Working with three species of nocturnal butterflies: the luna, the African moon and the polyphemus, Rubin shortened or cut out some of their hindwings and stuck them longer. form tails to others. She then tied the moths to a string hanging atop a large cage and released a large, brown bat ( Eptesicus fuscus ) inside. She used cameras and high-speed microphones to record the fight that ensued.

Tailless mites (such as polyphem) were an easy career for bats, escaping only 27% of the time, report today Rubin, Barber and his colleagues in Science Advances . But when Rubin enlarged the polyphemus lobe, twice more escaped the bat sonar or the echolocation system.
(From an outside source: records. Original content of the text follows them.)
(* Let $A$ and $B$ be $\Bbbk$-algebras. Then there are isomorphisms of $\Bbbk$-vector spaces (1) $\mathcal{E}_{A\times B}\cong\mathcal{E}_A\times\mathcal{E}_B$; in particular $\operatorname{Frobdim}(A\times B)=\operatorname{Frobdim}(A)+\operatorname{Frobdim}(B)$; (2) $\mathcal{E}_{A\otimes B}\cong\mathcal{E}_A\otimes\mathcal{E}_B$; therefore $\operatorname{Frobdim}(A\otimes B)=\operatorname{Frobdim}(A)\cdot\operatorname{Frobdim}(B)$.
   Context: Algebras are associative and unital over a field $\Bbbk$; tensor products are over $\Bbbk$; $A\times B$ is the product algebra with componentwise operations and $A\otimes B$ the tensor product algebra. A nearly Frobenius coproduct on an algebra $A$ is a $\Bbbk$-linear map $\Delta:A\to A\otimes A$ that is an $A$-bimodule morphism, i.e. $\Delta(ab)=(a\otimes 1)\Delta(b)=\Delta(a)(1\otimes b)$ for all $a,b\in A$. The Frobenius space $\mathcal{E}_A$ is the vector space of all nearly Frobenius coproducts on $A$, and $\operatorname{Frobdim}A=\dim_\Bbbk\mathcal{E}_A$. *)

(* Finite-dimensional algebras over a field K, given in
   coordinates on K^n (row vectors 'rV[K]_n). *)
From HB Require Import structures.
From mathcomp Require Import all_boot all_order all_algebra.
From Stdlib Require Import ClassicalEpsilon.
Set Implicit Arguments. Unset Strict Implicit. Unset Printing Implicit Defensive.
Import GRing.Theory.
Local Open Scope ring_scope.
Bats chasing long-tailed African moths took a tail bite 75% of the time. Shorten the tail, and the African moon mites escaped only 45% of the time. With no tail at all, this percentage dropped to 34%. When Rubin built a family tree of moths and their parents, she realized that long tails had evolved independently several times. "The authors have demonstrated a powerful approach to understanding the diversity of forms of the moth," says Aaron Corcoran, an animal ecologist at Wake Forest University in Winston-. Salem, NC, who was not involved in the job. "There seems to be many ways to deceive the echolocation system of a bat." The study also revealed how difficult it was for bats to bypass this deception, he added. "The fact that the bats in the study never learned how to catch these mites, despite the time needed to do so, shows how much this blind spot is wired into the perception of the bald mouse."

Robotics, explains Martin How, sensory ecologist at the University of Bristol in the UK. Because the study examined bat flying fights on such a fine scale, the results could help engineers design "bio-inspired technologies for the future," he says, including flying drones skillfully.